[Data for this task — start]
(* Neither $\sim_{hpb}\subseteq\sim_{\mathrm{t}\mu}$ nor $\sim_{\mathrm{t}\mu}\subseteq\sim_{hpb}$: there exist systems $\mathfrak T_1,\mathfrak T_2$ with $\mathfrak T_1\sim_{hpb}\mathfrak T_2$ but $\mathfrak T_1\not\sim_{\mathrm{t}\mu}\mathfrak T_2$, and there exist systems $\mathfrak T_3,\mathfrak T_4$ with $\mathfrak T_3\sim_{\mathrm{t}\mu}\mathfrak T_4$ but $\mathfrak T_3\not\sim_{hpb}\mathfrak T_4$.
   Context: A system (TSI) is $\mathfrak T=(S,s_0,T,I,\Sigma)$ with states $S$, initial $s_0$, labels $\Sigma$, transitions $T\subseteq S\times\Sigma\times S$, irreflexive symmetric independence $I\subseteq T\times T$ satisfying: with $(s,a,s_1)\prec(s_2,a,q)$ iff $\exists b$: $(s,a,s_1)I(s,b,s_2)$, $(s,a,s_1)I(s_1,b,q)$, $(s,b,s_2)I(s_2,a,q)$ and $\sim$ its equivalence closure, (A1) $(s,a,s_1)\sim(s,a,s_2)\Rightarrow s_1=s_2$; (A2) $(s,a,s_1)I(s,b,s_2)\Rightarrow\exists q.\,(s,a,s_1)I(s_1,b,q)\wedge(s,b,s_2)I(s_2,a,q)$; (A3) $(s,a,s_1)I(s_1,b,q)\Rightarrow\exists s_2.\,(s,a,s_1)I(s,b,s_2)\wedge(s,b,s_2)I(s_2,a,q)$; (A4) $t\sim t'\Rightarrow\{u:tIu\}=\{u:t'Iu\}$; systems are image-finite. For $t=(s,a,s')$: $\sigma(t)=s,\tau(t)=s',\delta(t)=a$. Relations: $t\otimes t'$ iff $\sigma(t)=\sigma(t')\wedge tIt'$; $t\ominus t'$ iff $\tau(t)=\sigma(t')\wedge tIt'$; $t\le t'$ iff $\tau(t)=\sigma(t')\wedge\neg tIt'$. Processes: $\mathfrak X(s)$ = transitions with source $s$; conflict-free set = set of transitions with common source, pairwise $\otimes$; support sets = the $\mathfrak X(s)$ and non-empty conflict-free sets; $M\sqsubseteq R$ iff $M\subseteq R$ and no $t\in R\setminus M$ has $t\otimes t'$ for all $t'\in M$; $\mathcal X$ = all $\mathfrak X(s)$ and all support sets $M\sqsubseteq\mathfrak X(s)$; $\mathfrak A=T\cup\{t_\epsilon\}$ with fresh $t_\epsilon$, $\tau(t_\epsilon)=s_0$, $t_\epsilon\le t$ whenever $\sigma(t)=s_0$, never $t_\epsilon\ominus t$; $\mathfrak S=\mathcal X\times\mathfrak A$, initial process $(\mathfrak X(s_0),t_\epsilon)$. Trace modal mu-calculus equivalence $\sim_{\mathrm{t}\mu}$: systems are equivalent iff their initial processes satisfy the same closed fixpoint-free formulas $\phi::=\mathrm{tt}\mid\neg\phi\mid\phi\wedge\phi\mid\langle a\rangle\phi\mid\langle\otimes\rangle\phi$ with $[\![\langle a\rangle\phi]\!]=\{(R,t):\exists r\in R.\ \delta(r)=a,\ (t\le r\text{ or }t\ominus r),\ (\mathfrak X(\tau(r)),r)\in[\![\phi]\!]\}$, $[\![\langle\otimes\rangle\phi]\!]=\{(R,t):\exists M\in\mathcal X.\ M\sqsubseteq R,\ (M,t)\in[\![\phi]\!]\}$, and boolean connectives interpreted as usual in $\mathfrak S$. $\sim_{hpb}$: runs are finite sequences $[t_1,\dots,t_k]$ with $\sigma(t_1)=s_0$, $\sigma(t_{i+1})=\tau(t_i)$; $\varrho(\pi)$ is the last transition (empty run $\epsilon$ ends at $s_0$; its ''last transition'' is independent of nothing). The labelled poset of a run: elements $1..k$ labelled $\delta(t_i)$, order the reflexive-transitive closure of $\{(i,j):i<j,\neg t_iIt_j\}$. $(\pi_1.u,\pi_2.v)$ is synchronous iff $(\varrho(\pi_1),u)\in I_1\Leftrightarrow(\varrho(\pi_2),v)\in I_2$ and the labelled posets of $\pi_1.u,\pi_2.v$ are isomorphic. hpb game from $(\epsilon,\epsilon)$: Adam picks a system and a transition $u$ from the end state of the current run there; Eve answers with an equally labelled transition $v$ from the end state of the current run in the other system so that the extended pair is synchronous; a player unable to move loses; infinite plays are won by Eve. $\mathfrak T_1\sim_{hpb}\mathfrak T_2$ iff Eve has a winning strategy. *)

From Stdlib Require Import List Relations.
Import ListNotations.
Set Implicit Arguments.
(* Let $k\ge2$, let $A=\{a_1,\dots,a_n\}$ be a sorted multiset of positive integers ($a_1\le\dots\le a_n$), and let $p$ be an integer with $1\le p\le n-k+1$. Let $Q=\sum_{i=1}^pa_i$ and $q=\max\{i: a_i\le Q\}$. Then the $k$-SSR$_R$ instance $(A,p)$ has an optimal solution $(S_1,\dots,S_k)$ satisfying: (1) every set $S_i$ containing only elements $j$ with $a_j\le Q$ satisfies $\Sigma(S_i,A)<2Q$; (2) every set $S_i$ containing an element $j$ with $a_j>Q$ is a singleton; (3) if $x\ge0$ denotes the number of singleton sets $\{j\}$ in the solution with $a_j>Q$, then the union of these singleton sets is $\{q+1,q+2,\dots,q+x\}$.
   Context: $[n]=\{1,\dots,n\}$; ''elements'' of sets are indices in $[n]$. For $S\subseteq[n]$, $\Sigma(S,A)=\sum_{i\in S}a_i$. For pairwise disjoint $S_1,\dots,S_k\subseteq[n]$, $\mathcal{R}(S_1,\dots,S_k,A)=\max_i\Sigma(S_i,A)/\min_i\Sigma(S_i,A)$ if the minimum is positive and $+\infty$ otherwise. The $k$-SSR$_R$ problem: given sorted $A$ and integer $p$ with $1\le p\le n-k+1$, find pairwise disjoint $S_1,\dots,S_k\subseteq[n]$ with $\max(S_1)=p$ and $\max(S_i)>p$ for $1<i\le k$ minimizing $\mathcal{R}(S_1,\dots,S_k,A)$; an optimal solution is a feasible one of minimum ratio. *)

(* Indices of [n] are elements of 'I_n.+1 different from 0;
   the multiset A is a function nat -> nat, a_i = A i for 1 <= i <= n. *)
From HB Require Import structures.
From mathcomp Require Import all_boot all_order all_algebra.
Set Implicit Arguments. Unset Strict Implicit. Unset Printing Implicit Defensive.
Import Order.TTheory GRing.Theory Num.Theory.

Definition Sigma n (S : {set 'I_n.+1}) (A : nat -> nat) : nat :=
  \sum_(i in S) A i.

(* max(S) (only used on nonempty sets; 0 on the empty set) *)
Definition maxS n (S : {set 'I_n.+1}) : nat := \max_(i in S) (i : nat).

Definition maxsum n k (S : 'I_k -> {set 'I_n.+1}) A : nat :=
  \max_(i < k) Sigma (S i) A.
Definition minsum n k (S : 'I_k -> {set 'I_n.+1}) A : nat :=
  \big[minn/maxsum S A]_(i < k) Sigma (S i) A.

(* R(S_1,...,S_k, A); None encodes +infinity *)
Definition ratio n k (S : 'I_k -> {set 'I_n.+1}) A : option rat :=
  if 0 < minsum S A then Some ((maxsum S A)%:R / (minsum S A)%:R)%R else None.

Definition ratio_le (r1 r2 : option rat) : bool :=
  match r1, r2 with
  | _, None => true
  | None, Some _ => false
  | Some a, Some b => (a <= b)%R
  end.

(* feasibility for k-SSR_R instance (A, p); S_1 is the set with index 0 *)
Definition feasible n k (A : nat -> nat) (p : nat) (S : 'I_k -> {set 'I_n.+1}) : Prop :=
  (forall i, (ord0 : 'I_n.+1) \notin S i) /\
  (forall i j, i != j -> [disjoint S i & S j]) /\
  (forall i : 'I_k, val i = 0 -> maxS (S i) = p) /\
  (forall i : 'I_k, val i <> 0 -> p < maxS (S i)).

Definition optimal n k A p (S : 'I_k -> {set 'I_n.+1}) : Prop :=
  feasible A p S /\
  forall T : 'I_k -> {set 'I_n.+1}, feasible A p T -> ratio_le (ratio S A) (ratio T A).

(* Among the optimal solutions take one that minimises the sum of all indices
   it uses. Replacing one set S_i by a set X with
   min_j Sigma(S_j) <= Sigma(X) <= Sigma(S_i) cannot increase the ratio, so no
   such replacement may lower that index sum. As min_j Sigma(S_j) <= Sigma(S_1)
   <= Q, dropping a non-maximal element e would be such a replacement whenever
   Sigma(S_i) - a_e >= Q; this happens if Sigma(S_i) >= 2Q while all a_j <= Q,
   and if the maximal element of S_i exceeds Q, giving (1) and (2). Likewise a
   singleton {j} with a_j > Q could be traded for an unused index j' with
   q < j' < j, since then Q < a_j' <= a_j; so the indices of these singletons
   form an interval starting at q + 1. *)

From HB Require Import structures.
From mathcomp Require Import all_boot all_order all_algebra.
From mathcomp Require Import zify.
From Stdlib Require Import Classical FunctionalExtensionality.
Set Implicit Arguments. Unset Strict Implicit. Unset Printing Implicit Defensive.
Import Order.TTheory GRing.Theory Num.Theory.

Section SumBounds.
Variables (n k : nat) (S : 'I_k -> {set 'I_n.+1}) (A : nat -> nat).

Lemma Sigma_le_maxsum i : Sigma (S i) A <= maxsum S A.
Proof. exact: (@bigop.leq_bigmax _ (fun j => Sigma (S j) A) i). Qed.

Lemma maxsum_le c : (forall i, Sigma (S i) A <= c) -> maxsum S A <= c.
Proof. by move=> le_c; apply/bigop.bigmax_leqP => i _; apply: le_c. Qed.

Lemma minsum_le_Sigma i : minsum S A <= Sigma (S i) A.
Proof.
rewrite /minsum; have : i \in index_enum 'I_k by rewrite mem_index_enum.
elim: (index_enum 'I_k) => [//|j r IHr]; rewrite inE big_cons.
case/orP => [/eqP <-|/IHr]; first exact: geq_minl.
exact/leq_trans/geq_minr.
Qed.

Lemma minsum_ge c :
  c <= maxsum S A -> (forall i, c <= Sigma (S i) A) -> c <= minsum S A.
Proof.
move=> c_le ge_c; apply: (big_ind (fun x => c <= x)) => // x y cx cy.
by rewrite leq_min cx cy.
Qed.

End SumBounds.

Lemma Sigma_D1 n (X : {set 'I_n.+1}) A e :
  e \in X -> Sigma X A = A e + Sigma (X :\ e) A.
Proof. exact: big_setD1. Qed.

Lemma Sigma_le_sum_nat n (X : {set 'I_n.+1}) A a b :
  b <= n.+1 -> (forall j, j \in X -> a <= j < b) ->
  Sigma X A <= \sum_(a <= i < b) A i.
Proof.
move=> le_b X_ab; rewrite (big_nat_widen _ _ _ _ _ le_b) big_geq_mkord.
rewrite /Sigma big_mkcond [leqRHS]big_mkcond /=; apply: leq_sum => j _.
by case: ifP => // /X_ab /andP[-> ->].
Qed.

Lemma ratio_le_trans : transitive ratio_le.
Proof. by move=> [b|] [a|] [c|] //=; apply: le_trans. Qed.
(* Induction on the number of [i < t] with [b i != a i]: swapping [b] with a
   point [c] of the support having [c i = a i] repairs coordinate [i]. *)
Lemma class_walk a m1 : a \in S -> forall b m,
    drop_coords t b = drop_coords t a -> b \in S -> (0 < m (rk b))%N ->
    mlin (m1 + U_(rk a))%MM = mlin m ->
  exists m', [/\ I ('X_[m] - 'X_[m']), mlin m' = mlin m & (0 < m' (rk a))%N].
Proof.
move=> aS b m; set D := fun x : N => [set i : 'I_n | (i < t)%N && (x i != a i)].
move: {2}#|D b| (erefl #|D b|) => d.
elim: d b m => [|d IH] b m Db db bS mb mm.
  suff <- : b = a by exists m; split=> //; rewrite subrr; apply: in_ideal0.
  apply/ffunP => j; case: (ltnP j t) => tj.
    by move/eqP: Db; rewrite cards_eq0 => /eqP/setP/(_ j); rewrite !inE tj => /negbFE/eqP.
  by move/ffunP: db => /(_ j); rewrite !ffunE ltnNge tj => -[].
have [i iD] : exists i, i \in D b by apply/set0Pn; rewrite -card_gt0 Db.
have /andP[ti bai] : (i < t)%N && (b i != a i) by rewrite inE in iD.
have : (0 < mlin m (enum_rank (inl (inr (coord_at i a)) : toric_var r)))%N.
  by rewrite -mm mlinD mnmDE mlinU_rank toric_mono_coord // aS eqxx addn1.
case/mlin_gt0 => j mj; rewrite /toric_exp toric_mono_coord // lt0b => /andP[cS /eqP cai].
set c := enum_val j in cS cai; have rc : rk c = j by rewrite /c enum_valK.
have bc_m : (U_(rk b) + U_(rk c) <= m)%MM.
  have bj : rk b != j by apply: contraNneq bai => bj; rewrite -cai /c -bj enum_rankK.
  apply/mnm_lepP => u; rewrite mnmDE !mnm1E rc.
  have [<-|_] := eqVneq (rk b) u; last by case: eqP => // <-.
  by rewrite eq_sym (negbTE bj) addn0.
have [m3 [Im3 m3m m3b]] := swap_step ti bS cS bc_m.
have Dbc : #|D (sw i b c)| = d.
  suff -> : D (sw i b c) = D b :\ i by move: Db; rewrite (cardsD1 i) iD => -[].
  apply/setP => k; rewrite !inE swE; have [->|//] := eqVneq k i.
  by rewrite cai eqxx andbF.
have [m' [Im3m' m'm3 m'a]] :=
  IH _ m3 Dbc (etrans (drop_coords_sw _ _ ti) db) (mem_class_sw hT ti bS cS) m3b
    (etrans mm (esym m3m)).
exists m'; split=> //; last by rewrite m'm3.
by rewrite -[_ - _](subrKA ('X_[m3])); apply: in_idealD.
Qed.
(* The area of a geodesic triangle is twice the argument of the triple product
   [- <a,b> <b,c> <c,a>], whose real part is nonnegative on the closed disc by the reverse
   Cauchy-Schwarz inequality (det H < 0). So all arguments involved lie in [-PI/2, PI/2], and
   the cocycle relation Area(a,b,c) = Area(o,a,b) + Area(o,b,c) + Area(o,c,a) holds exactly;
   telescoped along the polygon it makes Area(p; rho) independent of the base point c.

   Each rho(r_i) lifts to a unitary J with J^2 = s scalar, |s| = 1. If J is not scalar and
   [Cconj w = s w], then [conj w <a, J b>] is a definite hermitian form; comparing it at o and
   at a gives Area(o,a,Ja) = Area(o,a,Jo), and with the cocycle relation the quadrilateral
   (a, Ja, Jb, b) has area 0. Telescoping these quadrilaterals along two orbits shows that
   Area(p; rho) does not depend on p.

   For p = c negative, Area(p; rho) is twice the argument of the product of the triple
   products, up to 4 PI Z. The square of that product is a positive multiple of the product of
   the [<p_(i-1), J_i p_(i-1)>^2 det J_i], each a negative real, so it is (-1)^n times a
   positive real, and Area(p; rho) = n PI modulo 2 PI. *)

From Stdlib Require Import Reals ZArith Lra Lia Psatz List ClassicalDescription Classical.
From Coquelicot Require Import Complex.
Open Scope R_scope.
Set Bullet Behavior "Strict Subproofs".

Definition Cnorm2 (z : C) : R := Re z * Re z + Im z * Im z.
[Data for this task — finish]
**Exercise description**. Among the lines above, find each one containing the string "eqVneq" and copy it.

**Task response**.
  have [<-|_] := eqVneq (rk b) u; last by case: eqP => // <-.
  apply/setP => k; rewrite !inE swE; have [->|//] := eqVneq k i.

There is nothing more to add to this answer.